Acompanhado nesta aventura de forma bastante próxima pela Catarina, Carla, Prim, Mariana, Geraldes e André (e outros tantos runners que aqui não citarei, para não tornar isto numa lista telefónica…), sentia que aqui tinha o ambiente certo para conseguir ser feliz. A cidade respirava corrida. Fosse pelos corredores, fosse pelas pessoas locais, que nos acolheram como se fôssemos das suas famílias. Amáveis, simpáticos…

A Catarina fartou-se de me dizê-lo. “Vais ser feliz em Valência”. E não é que ela tinha razão?

Mas sei que só fui feliz pela forma absolutamente fantástica como este nosso grupo se uniu, pela boa disposição contagiante, que permitiu que a mente não entrasse em ‘tilt’ por causa da maratona.

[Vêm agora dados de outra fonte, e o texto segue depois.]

Lemma fps_trunc_rhs n w :
  fps_trunc M (fps_mul (fps_of_poly ((((a - b) * w) *: 'X + b%:P) ^+ n))
                       (fps_inv (fps_of_poly ((1 - w *: 'X) ^+ n)))) =
  take_poly M (phi ^+ n \Po (w *: 'X)).
Proof.
have num_comp : ((a - b) * w) *: 'X + b%:P = phi_num \Po (w *: 'X).
  by rewrite /phi_num comp_polyD comp_polyC comp_polyZ comp_polyX scalerA addrC.
have den_comp : 1 - w *: 'X = (1 - 'X) \Po (w *: 'X).
  by rewrite comp_polyB comp_polyX rmorph1.
have den0 : ((1 - w *: 'X) ^+ n)`_0 != 0.
  by rewrite -horner_coef0 !hornerE subr0 expr1n oner_neq0.
rewrite fps_trunc_mul fps_trunc_poly.
rewrite (fps_trunc_inv (r := geom M ^+ n \Po (w *: 'X)) den0).
  by rewrite take_polyMl take_polyMr num_comp -!rmorphXn -rmorphM /= -exprMn.
rewrite den_comp -!rmorphXn -rmorphM /= -exprMn take_poly_comp_ZX.
by rewrite take_poly_1subX_geom -take_poly_comp_ZX rmorph1.
Qed.

Section Substitution.
Hypothesis ab : a != b.

Definition wpoly : {poly K} := (a - b)^-1 *: ('X - b%:P).

Lemma mul_subab_wpoly : (a - b)%:P * wpoly = 'X - b%:P.
Proof. by rewrite /wpoly mul_polyC scalerA mulfV ?subr_eq0 // scale1r. Qed.

Lemma mul_subab_wpoly1 : (a - b)%:P * (wpoly - 1) = 'X - a%:P.
Proof.
by rewrite mulrBr mul_subab_wpoly mulr1 -addrA -opprD -polyCD [b + _]addrC subrK.
Qed.

Lemma phi_num_comp_wpoly : phi_num \Po wpoly = 'X.
Proof.
rewrite /phi_num comp_polyD comp_polyC comp_polyZ comp_polyX -mul_polyC.
by rewrite mul_subab_wpoly addrC subrK.
Qed.

Lemma horner_wpoly_a : wpoly.[a] = 1.
Proof. by rewrite /wpoly hornerZ hornerXsubC mulVf ?subr_eq0. Qed.

Lemma gw_comp_wpoly_rec n : (0 < n)%N -> (n < M)%N ->
  ('X - a%:P) * ((a - b) ^+ n)%:P * (gw n.+1 \Po wpoly) =
  a *: ('X - b%:P) ^+ n.+1 * ((gw n \Po wpoly).[a])%:P
  - 'X * ((a - b) ^+ n.+1)%:P * (gw n \Po wpoly).
Proof.
move=> n0 nM; have := congr1 (comp_poly wpoly) (gw_rec n0 nM).
rewrite /= comp_polyM !comp_polyB rmorph1 comp_polyX comp_polyM phi_num_comp_wpoly.
rewrite comp_polyZ comp_Xn_poly horner_comp horner_wpoly_a.
rewrite -mul_subab_wpoly -mul_subab_wpoly1 !(rmorphXn (@polyC K)).
move: (gw n.+1 \Po wpoly : {poly K}) (gw n \Po wpoly : {poly K}) ((gw n).[1]).
move=> Gn1 Gn c recW; rewrite -!mul_polyC polyCM exprMn !exprS in recW *.
transitivity (- (a - b)%:P * (a - b)%:P ^+ n * ((1 - wpoly) * Gn1)); first by ring.
by rewrite recW; ring.
Qed.

Lemma g_eq_gw_comp_wpoly (g : nat -> {poly K}) :
  g 0%N = 1 ->
  (forall n : nat, (0 < n)%N ->
     ('X - a%:P) * ((a - b) ^+ n.-1)%:P * g n =
     a *: ('X - b%:P) ^+ n * ((g n.-1).[a])%:P
     - 'X * ((a - b) ^+ n)%:P * g n.-1) ->
  forall n, (0 < n)%N -> (n <= M)%N -> g n = gw n \Po wpoly.
Proof.
move=> g0 grec; elim=> [//|[|n] IH] _ nM.
  have Xa0 : 'X - a%:P != 0 by rewrite polyXsubC_eq0.
  apply: (mulfI Xa0); have := grec 1%N isT.
  rewrite /= g0 hornerC expr0 !expr1 polyC1 !mulr1 => ->.
  by rewrite gw1 // comp_polyC -!mul_polyC polyCB; ring.
have Xa0 : ('X - a%:P) * ((a - b) ^+ n.+1)%:P != 0.
  by rewrite mulf_neq0 ?polyXsubC_eq0 // polyC_eq0 expf_neq0 // subr_eq0.
apply: (mulfI Xa0); rewrite (grec n.+2 isT) /= IH ?(ltnW nM) //.
by rewrite gw_comp_wpoly_rec.
Qed.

Naquelas horas que passámos antes do tiro de partida, naquelas horas que normalmente são longas, de ansiedade e de nervosismo, todos estávamos tranquilos. Sorrimos, divertimo-nos, contámos piadas, partilhámos experiências…

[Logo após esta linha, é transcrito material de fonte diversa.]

(* Let $(X,\le)$ be a partially ordered set in which every two elements have a supremum (join). Then: (a) for every directed $D\subset X$ the set $(\downarrow D)^\uparrow$ is directed, where for $A\subset X$, $A^\uparrow$ is the set of suprema of those directed subsets of $A$ that have a supremum in $X$; consequently $\widehat D$ is directed for every directed $D\subset X$; (b) the enhanced directed completion $\overline X_o$ of $X$ is a complete lattice; (c) the collection $\overline X^{\sf j}$ of all $A\subset X$ which are lower sets and contain the supremum of every subset of $A$ having a supremum in $X$ coincides with the collection $\{A\subset X: A=\widehat A,\ A\text{ directed}\}$ if $X$ has a minimum, and with this collection together with the empty set if $X$ has no minimum. In particular $\overline X^{\sf j}$ ordered by inclusion, with the map $x\mapsto\downarrow x$, is (order-isomorphic to) the enhanced directed completion of $X$.
   Context: Let $(X,\le)$ be a partially ordered set. A subset $D\subset X$ is directed if every finite subset of $D$ (including the empty one) has an upper bound in $D$; in particular directed sets are nonempty. $A\subset X$ is a lower set if $x\in A$ and $y\le x$ imply $y\in A$; $\downarrow A:=\{x\in X:x\le a\text{ for some }a\in A\}$ and $\downarrow x:=\downarrow\{x\}$. $(X,\le)$ is a directed complete partial order (dcpo) if every directed subset has a supremum. A subset $A\subset X$ is directed-sup-closed if the supremum of every directed $D\subset A$ which has a supremum in $X$ belongs to $A$. For $A\subset X$, $\widehat A$ is the smallest subset of $X$ containing $A$ which is both a lower set and directed-sup-closed. A map $T:X_1\to X_2$ between partially ordered sets has the Monotone Convergence Property (Mcp) if for every directed $D\subset X_1$ having a supremum, $T(D)$ has a supremum and $T(\sup D)=\sup T(D)$. A directed completion of $(X,\le)$ is a dcpo $(\overline X,\bar\le)$ together with a map $\iota:X\to\overline X$ with the Mcp such that for every dcpo $Z$ and every map $T:X\to Z$ with the Mcp there is a unique map $\bar T:\overline X\to Z$ with the Mcp satisfying $\bar T\circ\iota=T$. The enhanced directed completion $\overline X_o$ is $\overline X$ if $X$ has a minimum, and otherwise $\overline X$ with one new element added which is declared smaller than all others. A complete lattice is a partially ordered set in which every subset has a supremum and an infimum. *)

From Stdlib Require Import List.

Section PosetDefs.
Variable X : Type.
Variable le : X -> X -> Prop.

Definition is_poset : Prop :=
  (forall x, le x x) /\
  (forall x y, le x y -> le y x -> x = y) /\
  (forall x y z, le x y -> le y z -> le x z).

Definition subset (A B : X -> Prop) : Prop := forall x, A x -> B x.
Definition set_eq (A B : X -> Prop) : Prop := forall x, A x <-> B x.

Definition is_sup (S : X -> Prop) (s : X) : Prop :=
  (forall x, S x -> le x s) /\ (forall u, (forall x, S x -> le x u) -> le s u).

Definition is_inf (S : X -> Prop) (s : X) : Prop :=
  (forall x, S x -> le s x) /\ (forall u, (forall x, S x -> le u x) -> le u s).

Definition directed (D : X -> Prop) : Prop :=
  forall l : list X, (forall x, In x l -> D x) ->
    exists u, D u /\ forall x, In x l -> le x u.

Definition lower_set (A : X -> Prop) : Prop :=
  forall x y, A x -> le y x -> A y.

Definition down (A : X -> Prop) : X -> Prop :=
  fun x => exists a, A a /\ le x a.

Definition down1 (a : X) : X -> Prop := fun x => le x a.

Definition dcpo : Prop :=
  is_poset /\ forall D, directed D -> exists s, is_sup D s.

Definition dsup_closed (A : X -> Prop) : Prop :=
  forall D s, subset D A -> directed D -> is_sup D s -> A s.

Definition hat (A : X -> Prop) : X -> Prop :=
  fun x => forall B, subset A B -> lower_set B -> dsup_closed B -> B x.

Definition up (A : X -> Prop) : X -> Prop :=
  fun s => exists D, subset D A /\ directed D /\ is_sup D s.

Definition has_min : Prop := exists m, forall x, le m x.

Definition has_binary_sups : Prop :=
  forall a b, exists s, is_sup (fun z => z = a \/ z = b) s.

Definition complete_lattice : Prop :=
  is_poset /\ forall S : X -> Prop, (exists s, is_sup S s) /\ (exists i, is_inf S i).

Definition Xj (A : X -> Prop) : Prop :=
  lower_set A /\ forall S s, subset S A -> is_sup S s -> A s.

End PosetDefs.

Arguments subset {X}. Arguments set_eq {X}.

Definition image {X Z : Type} (T : X -> Z) (D : X -> Prop) : Z -> Prop :=
  fun z => exists d, D d /\ z = T d.

Definition Mcp {X Z : Type} (leX : X -> X -> Prop) (leZ : Z -> Z -> Prop)
  (T : X -> Z) : Prop :=
  forall D s, directed X leX D -> is_sup X leX D s ->
    is_sup Z leZ (image T D) (T s).

Definition is_directed_completion {X Y : Type} (leX : X -> X -> Prop)
  (leY : Y -> Y -> Prop) (iota : X -> Y) : Prop :=
  dcpo Y leY /\ Mcp leX leY iota /\
  forall (Z : Type) (leZ : Z -> Z -> Prop), dcpo Z leZ ->
    forall T : X -> Z, Mcp leX leZ T ->
      exists Tb : Y -> Z, Mcp leY leZ Tb /\ (forall x, Tb (iota x) = T x) /\
        forall Tb' : Y -> Z, Mcp leY leZ Tb' -> (forall x, Tb' (iota x) = T x) ->
          forall y, Tb' y = Tb y.

(* order on Y with a new bottom element None adjoined *)
Definition enh_le {Y : Type} (leY : Y -> Y -> Prop) (a b : option Y) : Prop :=
  match a, b with
  | None, _ => True
  | Some _, None => False
  | Some a', Some b' => leY a' b'
  end.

Ah! E comemos muito bem, que tivemos três cozinheiras maravilhosas (conforme se pode ver na foto acima)!

O arrancar de um dia normal

Chegou o dia da prova. Acordei à hora de sempre (três horas antes da prova) e dez minutos depois estava a devorar as minhas papas de aveia com Macacau (da Shine), banana e Kiwi, mais a meia de leite obrigatória. Este costuma ser o meu pequeno almoço de eleição, que normalmente me ajuda a dar a energia para a prova e, ao mesmo tempo, me permite ir à casa de banho pouco depois para deixar aqui os “canais internos” desimpedidos (neste dia não foi o caso)…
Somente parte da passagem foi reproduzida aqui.